Your goal
After locating the line containing "Lemma f_monotone phi", restate that line and each one after it exactly, through the last line of the material.

Supplied material

Lemma fwc_attained psi e o : o \in Oset p e psi ->
  exists2 o', o' \in Oset p e psi & marg p f e psi o' = fwc_e p f e psi.
Proof.
move=> Ho; rewrite /fwc_e; case: pickP => [o0 Ho0|]; last by move/(_ o); rewrite Ho.
pose P y := exists2 o', o' \in Oset p e psi & marg p f e psi o' = y.
apply: (@big_ind _ P); first by exists o0.
  move=> x y [a Ha <-] [b Hb <-]; rewrite /Num.min.
  by case: ifP => _; [exists a | exists b].
by move=> i Hi; exists i.
Qed.

Definition worst_outcome (o0 : O) psi e : O :=
  odflt o0 [pick o in Oset p e psi | marg p f e psi o == fwc_e p f e psi].

Lemma worst_outcome_spec o0 psi e : feasible p psi ->
  worst_outcome o0 psi e \in Oset p e psi /\
  marg p f e psi (worst_outcome o0 psi e) = fwc_e p f e psi.
Proof.
move=> Hf; have [phi /andP [Hc Hp]] := feasible_witness Hf.
rewrite /worst_outcome; case: pickP => [o /andP [Ho /eqP Hm] //|Hnone].
have [o' Ho' Hm] := fwc_attained (mem_Oset e Hc Hp).
by move: (Hnone o'); rewrite Ho' Hm eqxx.
Qed.

Section Monotone.
Hypothesis Hmon : wc_monotone p f.
Hypothesis Hmd : minimal_dependency p f.

Lemma condf_consistent phi psi :
  consistent phi psi -> 0 < p phi -> condf p f (dom psi) psi = f (dom psi) phi.
Proof. by move=> Hc Hp; apply: Hmd => //; exact: feasible_consistent Hc Hp. Qed.

Lemma f_monotone1 phi (A : {set E}) e : 0 < p phi -> f A phi <= f (e |: A) phi.
Proof.
move=> Hp; have [HeA|HeA] := boolP (e \in A).
  by rewrite (setUidPr _) // sub1set.
have Hc := consistent_restrict phi A.
have Hd : e \notin dom (restrict phi A) by rewrite dom_restrict.
have Hgain := le_trans (Hmon (feasible_consistent Hc Hp) Hd)
                       (fwc_le_marg (mem_Oset e Hc Hp)).
move: Hgain; rewrite /marg extend_restrict !dom_restrict subr_ge0.
have := condf_consistent (consistent_restrict phi (e |: A)) Hp.
have := condf_consistent Hc Hp.
by rewrite !dom_restrict => -> ->.
Qed.

Lemma f_monotone phi (A B : {set E}) : 0 < p phi -> A \subset B -> f A phi <= f B phi.
Proof.
move=> Hp; move Hn : #|B :\: A| => n; elim: n A Hn => [|n IH] A Hn HAB.
  suff -> : B = A by [].
  apply/eqP; rewrite eqEsubset HAB andbT -setD_eq0; apply/eqP.
  exact: cards0_eq.
have /card_gt0P [e] : (0 < #|B :\: A|)%N by rewrite Hn.
rewrite inE => /andP [HeA HeB].
apply: le_trans (f_monotone1 A e Hp) _; apply: IH.
  move: Hn; rewrite (cardsD1 e (B :\: A)) inE HeA HeB add1n => -[<-].
  by apply: eq_card => x; rewrite !inE; case: (x == e); rewrite ?andbF.
by apply/subsetP=> x; rewrite !inE => /orP [/eqP ->|/(subsetP HAB)].
Qed.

Answer below
Lemma f_monotone phi (A B : {set E}) : 0 < p phi -> A \subset B -> f A phi <= f B phi.
Proof.
move=> Hp; move Hn : #|B :\: A| => n; elim: n A Hn => [|n IH] A Hn HAB.
  suff -> : B = A by [].
  apply/eqP; rewrite eqEsubset HAB andbT -setD_eq0; apply/eqP.
  exact: cards0_eq.
have /card_gt0P [e] : (0 < #|B :\: A|)%N by rewrite Hn.
rewrite inE => /andP [HeA HeB].
apply: le_trans (f_monotone1 A e Hp) _; apply: IH.
  move: Hn; rewrite (cardsD1 e (B :\: A)) inE HeA HeB add1n => -[<-].
  by apply: eq_card => x; rewrite !inE; case: (x == e); rewrite ?andbF.
by apply/subsetP=> x; rewrite !inE => /orP [/eqP ->|/(subsetP HAB)].
Qed.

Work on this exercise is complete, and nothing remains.